## Directions for this task:
Repeat exactly the lines of the entries below from the one with "Lemma inv_sum_sqrt4_le x1" through the one with "pose proof (sqrt_lt_R0 x3", both ends included, and nothing else.

## Records for the task:
%%

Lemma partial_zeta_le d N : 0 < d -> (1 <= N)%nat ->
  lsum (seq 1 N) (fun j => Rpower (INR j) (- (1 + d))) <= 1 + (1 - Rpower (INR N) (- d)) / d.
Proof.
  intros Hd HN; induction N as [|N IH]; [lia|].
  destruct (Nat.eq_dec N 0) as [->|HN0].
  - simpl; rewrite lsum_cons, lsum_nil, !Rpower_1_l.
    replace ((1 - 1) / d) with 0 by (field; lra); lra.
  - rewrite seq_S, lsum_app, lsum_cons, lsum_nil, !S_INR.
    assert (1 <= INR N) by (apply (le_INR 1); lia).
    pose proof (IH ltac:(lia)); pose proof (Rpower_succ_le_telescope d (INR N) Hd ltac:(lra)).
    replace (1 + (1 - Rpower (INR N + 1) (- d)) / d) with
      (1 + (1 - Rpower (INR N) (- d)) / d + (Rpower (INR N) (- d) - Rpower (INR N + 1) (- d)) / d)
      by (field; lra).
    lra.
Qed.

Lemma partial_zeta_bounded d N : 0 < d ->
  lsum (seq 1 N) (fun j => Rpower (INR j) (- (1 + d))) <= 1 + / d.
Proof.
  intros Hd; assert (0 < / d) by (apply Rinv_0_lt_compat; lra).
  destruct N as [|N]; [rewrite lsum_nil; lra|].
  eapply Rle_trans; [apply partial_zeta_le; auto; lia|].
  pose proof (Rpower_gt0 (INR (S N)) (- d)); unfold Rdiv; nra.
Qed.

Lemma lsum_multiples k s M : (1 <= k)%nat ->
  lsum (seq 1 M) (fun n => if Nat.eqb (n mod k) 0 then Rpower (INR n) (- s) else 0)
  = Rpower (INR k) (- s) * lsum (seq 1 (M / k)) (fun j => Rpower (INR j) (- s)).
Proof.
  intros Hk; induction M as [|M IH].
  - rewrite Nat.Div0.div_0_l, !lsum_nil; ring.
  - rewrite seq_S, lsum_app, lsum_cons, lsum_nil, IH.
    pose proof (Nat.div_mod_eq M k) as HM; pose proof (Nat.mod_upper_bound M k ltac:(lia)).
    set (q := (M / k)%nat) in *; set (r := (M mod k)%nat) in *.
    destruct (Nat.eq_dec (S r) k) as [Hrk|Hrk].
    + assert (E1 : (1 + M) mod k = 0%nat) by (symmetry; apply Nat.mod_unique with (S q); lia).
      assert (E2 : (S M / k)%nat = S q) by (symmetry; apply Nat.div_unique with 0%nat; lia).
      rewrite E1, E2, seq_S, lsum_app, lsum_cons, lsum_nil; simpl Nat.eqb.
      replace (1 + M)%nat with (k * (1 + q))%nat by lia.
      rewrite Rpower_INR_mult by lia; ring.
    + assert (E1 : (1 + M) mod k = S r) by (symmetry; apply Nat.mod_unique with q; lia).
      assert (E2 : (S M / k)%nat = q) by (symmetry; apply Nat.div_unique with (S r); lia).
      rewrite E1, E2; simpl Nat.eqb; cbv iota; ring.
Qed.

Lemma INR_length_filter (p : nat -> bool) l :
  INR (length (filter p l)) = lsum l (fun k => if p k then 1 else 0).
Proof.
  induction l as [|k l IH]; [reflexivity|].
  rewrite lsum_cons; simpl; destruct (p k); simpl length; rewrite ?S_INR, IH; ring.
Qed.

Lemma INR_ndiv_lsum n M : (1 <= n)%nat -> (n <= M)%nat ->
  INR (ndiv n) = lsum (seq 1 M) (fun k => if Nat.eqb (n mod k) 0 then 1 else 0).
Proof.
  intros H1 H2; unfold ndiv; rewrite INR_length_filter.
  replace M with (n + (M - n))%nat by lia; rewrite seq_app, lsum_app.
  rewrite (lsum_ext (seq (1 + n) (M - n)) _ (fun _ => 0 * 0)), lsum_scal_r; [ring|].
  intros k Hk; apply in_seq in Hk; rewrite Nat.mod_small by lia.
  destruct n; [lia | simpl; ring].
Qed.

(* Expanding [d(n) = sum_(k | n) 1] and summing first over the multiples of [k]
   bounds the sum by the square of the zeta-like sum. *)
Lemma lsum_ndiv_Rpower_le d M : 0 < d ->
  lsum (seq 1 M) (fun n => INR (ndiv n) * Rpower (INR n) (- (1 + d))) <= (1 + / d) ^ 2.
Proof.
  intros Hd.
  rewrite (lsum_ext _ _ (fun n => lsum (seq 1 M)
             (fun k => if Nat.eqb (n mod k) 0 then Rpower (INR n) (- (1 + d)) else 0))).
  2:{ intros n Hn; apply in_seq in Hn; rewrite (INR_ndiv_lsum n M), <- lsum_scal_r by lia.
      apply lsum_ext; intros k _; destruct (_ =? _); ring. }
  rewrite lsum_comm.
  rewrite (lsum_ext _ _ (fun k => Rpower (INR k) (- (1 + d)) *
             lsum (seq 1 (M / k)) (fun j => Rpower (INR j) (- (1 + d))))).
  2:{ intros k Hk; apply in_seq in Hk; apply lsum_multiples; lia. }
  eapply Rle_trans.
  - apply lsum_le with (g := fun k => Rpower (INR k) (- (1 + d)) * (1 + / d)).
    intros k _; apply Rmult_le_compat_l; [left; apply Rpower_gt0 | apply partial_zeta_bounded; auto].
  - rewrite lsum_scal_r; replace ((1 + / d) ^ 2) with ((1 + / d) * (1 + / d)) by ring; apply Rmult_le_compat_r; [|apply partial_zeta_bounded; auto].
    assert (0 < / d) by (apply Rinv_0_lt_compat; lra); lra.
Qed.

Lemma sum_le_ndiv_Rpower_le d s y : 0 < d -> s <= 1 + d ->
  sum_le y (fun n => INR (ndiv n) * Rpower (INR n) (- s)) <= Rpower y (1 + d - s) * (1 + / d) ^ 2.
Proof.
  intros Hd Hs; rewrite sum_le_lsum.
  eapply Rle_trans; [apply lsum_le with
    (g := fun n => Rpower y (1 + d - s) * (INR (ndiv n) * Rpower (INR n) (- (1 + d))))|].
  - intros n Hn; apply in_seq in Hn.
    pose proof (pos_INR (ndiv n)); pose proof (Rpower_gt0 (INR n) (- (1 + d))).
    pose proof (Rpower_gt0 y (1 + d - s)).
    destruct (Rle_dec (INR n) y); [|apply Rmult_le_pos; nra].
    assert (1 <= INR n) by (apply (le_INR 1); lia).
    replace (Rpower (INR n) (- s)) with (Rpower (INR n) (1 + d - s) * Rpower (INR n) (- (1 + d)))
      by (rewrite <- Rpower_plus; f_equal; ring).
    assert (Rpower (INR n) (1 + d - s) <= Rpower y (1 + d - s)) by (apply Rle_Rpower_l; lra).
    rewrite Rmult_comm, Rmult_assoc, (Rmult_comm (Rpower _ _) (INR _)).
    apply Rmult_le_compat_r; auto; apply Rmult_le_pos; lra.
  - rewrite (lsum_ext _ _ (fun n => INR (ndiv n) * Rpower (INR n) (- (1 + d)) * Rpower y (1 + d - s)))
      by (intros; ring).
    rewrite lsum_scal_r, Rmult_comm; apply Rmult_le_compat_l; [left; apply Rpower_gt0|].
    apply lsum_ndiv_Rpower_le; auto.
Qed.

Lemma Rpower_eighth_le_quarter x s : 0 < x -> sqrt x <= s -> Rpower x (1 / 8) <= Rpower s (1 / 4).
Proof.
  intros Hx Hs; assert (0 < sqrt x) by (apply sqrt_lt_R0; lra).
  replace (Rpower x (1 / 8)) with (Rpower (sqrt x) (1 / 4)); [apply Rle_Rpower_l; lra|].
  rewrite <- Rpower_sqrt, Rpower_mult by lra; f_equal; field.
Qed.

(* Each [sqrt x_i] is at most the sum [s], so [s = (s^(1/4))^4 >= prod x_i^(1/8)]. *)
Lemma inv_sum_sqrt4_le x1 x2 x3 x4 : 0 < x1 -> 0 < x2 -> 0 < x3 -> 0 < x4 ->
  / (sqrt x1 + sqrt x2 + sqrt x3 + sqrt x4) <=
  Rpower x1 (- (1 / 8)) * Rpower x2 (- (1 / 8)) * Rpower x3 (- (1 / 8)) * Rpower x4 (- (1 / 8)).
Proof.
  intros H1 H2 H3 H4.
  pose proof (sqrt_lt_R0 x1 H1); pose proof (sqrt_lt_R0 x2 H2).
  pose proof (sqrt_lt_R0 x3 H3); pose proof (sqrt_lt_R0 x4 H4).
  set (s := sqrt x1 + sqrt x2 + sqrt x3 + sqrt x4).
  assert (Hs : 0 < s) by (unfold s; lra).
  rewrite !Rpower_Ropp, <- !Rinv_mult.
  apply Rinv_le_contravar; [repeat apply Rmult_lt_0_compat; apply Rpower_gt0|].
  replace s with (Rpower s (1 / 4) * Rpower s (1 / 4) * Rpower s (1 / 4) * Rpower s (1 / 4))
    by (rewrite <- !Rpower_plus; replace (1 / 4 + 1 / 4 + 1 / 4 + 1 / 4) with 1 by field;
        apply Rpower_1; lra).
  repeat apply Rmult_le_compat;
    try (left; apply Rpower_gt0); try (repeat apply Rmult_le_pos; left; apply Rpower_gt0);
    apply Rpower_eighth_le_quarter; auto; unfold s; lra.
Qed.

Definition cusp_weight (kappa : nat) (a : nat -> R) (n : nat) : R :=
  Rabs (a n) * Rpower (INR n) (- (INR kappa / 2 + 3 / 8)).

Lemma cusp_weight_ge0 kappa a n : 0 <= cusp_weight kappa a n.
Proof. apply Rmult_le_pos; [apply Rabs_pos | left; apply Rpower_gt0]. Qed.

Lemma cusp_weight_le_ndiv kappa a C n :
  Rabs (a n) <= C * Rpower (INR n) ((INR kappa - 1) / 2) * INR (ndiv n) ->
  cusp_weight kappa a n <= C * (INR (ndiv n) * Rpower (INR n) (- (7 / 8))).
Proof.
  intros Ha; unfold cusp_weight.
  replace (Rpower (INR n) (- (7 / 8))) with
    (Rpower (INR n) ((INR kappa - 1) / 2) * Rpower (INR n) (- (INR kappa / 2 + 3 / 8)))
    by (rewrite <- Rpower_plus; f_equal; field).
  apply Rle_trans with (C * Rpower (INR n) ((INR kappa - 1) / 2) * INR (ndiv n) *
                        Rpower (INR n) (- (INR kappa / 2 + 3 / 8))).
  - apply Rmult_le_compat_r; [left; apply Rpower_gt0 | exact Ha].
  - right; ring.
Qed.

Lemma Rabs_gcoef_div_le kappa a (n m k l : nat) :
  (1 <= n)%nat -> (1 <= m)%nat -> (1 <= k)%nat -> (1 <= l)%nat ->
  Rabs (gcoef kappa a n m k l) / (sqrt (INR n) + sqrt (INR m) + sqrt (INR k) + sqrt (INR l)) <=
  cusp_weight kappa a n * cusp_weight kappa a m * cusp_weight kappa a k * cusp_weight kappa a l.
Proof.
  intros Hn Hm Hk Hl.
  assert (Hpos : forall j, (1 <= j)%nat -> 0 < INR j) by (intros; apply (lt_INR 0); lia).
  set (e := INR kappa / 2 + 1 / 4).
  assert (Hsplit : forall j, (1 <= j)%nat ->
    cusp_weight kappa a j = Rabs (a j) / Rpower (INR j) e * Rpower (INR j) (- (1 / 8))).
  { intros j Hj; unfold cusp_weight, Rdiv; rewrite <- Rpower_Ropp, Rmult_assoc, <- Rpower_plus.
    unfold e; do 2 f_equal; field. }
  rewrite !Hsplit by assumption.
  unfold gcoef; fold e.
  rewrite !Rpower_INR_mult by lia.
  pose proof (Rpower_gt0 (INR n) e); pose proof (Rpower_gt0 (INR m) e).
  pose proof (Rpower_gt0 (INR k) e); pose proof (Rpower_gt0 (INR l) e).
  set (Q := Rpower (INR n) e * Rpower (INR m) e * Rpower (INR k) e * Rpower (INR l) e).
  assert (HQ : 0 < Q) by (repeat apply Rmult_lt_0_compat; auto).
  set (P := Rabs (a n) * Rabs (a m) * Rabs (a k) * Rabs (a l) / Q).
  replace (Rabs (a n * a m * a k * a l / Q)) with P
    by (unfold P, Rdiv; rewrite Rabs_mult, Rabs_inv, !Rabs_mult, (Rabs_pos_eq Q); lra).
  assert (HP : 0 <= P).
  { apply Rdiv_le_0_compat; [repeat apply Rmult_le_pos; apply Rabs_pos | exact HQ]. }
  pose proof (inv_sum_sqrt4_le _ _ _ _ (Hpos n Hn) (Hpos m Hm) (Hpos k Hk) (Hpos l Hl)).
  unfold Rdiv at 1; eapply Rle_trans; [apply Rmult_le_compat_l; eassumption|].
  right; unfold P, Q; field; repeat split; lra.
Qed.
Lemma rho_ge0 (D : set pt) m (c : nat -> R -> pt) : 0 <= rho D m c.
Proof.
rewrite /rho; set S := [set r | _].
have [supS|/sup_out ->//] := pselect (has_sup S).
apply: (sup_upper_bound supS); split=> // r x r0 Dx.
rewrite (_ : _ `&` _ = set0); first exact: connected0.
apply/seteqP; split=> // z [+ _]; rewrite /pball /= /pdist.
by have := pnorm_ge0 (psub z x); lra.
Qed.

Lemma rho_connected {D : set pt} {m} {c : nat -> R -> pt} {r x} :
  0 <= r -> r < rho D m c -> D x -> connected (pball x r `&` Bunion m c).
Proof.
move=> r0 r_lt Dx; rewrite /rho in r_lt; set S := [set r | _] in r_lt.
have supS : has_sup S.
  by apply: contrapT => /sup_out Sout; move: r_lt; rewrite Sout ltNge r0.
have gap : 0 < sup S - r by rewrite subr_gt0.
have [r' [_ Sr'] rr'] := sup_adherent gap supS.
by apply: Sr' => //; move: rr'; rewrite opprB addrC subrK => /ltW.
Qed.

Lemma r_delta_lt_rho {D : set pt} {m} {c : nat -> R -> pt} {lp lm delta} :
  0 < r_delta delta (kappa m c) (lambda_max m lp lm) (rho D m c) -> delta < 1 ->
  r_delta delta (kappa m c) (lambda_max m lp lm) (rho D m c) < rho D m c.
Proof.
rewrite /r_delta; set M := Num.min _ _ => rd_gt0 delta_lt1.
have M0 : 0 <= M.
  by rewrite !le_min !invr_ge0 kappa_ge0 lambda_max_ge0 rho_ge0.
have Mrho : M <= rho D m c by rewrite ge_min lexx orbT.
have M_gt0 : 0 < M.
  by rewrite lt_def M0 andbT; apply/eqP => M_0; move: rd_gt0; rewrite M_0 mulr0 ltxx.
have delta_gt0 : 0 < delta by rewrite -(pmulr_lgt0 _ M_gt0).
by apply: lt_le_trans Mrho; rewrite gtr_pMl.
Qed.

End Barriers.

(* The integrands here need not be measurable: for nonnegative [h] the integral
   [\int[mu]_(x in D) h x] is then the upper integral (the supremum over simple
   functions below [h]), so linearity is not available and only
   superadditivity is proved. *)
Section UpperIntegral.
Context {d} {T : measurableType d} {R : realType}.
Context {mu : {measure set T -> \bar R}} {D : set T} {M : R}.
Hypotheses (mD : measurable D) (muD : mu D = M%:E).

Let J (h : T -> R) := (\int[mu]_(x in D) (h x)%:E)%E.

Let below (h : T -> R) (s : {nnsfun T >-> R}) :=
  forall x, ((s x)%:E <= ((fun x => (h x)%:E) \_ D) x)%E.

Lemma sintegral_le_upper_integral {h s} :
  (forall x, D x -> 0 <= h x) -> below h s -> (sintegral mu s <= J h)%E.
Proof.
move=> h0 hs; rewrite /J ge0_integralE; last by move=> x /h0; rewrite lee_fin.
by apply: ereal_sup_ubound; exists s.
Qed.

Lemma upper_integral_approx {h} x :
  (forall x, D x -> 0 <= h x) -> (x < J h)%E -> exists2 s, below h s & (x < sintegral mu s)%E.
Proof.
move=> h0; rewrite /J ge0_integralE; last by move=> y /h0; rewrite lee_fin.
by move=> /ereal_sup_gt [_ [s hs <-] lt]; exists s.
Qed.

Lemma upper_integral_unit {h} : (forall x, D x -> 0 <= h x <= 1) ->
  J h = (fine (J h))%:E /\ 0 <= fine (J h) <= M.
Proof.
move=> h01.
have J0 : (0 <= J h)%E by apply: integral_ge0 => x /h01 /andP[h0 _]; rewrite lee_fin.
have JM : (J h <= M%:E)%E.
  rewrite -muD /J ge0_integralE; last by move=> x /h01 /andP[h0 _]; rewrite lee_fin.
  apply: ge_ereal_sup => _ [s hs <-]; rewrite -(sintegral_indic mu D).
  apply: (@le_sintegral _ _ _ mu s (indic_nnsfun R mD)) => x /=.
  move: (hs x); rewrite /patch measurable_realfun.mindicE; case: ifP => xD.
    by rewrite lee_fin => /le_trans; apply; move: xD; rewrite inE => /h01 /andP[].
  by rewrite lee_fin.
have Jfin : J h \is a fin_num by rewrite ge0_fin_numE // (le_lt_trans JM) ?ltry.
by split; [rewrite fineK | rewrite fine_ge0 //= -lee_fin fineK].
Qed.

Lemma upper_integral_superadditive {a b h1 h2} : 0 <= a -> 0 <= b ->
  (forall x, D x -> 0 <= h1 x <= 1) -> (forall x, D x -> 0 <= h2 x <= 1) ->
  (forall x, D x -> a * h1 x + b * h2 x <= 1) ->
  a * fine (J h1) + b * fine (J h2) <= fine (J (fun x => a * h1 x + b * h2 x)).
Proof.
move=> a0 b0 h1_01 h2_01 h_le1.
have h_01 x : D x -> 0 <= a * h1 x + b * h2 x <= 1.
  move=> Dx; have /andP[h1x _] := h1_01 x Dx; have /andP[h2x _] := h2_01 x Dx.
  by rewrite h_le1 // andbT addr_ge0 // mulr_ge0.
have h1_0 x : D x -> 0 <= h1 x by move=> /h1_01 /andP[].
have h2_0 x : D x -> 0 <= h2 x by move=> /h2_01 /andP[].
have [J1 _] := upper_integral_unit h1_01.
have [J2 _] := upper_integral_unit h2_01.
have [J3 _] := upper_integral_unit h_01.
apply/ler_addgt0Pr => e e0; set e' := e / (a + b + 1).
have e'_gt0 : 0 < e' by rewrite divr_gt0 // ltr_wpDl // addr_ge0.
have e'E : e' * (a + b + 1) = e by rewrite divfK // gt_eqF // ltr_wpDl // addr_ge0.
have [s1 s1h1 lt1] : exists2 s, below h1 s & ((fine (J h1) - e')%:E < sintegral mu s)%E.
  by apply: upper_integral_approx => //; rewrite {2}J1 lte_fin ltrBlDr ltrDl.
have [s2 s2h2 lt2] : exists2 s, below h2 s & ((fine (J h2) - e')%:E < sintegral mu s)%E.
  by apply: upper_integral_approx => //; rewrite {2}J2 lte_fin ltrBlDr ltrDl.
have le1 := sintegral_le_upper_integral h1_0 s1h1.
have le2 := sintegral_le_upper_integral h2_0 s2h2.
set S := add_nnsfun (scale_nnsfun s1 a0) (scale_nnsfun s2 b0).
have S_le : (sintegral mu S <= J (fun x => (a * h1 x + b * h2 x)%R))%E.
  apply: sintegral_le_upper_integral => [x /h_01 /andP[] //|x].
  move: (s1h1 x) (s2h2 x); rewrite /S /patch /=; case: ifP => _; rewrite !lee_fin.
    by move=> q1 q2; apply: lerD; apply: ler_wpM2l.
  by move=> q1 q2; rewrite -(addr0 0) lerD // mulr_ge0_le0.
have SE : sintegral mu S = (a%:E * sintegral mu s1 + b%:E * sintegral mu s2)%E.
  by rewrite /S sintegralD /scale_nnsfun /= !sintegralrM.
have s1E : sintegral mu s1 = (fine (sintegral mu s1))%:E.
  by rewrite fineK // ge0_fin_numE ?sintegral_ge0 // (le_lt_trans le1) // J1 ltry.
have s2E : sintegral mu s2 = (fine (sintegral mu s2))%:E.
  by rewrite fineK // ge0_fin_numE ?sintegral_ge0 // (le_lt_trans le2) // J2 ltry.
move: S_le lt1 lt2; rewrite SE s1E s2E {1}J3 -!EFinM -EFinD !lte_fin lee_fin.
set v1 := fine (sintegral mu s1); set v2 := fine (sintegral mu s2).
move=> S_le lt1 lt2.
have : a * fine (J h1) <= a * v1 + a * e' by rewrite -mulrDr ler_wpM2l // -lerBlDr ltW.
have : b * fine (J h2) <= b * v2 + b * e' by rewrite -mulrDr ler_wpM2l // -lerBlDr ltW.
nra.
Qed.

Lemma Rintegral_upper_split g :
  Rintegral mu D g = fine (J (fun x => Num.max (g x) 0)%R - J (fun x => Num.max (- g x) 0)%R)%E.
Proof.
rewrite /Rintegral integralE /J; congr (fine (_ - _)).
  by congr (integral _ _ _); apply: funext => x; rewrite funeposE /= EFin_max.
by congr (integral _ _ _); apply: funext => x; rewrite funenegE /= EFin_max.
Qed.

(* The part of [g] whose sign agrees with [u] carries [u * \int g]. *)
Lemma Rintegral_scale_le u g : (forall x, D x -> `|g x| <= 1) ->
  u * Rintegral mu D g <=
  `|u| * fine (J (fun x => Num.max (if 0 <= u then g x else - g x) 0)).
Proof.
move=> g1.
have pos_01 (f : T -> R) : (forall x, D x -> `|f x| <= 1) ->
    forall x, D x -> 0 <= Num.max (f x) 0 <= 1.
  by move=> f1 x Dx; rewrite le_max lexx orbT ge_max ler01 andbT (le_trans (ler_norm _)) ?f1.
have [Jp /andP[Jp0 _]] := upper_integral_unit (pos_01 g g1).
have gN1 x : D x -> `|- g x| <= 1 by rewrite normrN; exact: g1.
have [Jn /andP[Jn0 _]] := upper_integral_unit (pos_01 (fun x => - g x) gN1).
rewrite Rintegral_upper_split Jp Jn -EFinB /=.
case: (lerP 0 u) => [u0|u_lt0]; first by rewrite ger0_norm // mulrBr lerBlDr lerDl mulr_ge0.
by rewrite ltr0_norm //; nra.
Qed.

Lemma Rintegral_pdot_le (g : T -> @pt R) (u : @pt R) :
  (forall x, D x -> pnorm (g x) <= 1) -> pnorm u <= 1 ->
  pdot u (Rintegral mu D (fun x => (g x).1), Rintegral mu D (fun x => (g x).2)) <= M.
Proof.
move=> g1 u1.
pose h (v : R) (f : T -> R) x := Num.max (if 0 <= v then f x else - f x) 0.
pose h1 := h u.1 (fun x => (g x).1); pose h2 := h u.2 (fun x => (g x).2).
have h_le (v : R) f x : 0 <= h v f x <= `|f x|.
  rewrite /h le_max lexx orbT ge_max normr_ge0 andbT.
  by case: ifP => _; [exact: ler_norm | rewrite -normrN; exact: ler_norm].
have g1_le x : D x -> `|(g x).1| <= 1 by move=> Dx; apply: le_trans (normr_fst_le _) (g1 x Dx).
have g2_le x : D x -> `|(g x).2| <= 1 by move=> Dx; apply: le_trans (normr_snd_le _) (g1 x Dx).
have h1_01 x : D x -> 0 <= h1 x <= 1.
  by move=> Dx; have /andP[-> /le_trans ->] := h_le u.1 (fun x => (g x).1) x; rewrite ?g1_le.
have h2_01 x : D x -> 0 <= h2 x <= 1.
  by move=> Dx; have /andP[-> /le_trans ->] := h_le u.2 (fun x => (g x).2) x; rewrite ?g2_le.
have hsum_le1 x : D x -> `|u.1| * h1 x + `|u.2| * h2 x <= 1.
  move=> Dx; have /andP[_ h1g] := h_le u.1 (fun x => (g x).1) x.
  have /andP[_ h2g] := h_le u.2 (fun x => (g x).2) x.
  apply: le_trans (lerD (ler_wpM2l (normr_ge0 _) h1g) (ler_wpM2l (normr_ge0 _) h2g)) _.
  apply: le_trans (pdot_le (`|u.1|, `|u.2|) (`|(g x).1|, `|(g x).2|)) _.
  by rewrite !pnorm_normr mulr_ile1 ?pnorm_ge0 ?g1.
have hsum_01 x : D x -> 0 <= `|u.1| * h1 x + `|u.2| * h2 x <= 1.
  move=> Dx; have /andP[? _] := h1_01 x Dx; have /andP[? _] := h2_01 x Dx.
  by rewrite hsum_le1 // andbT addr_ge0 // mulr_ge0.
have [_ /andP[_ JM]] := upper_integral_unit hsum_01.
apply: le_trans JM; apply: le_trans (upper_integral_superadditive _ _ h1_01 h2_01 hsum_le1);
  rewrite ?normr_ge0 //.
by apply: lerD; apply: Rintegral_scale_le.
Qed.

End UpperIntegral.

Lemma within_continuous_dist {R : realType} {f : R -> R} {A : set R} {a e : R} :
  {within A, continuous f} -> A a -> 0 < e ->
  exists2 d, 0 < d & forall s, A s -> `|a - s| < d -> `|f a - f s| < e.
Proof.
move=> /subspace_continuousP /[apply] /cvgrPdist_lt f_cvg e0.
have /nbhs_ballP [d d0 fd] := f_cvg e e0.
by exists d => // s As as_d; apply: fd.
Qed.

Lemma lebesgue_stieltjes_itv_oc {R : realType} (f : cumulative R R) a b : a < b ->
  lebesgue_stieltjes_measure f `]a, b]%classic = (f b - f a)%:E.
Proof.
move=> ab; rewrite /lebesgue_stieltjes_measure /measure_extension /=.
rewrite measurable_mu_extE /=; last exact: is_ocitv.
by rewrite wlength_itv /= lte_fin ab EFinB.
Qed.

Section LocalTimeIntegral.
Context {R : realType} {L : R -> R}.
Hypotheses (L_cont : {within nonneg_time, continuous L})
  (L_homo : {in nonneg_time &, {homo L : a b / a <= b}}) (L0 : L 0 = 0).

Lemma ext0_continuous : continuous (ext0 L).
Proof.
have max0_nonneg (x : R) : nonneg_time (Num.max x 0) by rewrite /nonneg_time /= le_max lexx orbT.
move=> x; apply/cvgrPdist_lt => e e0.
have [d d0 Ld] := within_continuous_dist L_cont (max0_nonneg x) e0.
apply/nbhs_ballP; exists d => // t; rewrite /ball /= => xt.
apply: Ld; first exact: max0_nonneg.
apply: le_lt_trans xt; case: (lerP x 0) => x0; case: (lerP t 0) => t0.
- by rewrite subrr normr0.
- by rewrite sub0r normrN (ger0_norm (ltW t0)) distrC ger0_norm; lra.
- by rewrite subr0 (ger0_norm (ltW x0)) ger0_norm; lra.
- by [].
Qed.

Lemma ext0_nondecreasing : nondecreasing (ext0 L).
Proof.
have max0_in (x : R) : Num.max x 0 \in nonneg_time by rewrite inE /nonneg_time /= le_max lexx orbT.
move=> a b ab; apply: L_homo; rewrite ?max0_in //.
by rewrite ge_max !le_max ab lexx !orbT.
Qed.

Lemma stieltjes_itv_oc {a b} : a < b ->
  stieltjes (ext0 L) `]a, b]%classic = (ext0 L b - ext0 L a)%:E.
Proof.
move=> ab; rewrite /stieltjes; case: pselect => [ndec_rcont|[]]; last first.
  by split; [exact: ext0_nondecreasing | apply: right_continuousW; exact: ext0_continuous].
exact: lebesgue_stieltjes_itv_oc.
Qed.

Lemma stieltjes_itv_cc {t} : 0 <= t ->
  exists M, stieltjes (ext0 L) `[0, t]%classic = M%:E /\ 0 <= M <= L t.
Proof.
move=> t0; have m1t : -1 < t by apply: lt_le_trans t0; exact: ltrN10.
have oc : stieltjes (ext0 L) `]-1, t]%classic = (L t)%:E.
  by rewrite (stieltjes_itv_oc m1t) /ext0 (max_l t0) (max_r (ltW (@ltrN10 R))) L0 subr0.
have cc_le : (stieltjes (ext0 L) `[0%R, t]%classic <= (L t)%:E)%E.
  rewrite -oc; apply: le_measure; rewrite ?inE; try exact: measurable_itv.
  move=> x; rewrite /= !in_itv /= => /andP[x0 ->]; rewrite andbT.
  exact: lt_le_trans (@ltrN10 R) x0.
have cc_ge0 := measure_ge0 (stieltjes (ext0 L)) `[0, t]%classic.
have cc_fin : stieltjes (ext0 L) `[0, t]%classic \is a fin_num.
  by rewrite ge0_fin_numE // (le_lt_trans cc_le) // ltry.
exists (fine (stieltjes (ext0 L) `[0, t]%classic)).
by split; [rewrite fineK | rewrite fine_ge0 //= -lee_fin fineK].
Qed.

%%

## Output of the task:
Lemma inv_sum_sqrt4_le x1 x2 x3 x4 : 0 < x1 -> 0 < x2 -> 0 < x3 -> 0 < x4 ->
  / (sqrt x1 + sqrt x2 + sqrt x3 + sqrt x4) <=
  Rpower x1 (- (1 / 8)) * Rpower x2 (- (1 / 8)) * Rpower x3 (- (1 / 8)) * Rpower x4 (- (1 / 8)).
Proof.
  intros H1 H2 H3 H4.
  pose proof (sqrt_lt_R0 x1 H1); pose proof (sqrt_lt_R0 x2 H2).
  pose proof (sqrt_lt_R0 x3 H3); pose proof (sqrt_lt_R0 x4 H4).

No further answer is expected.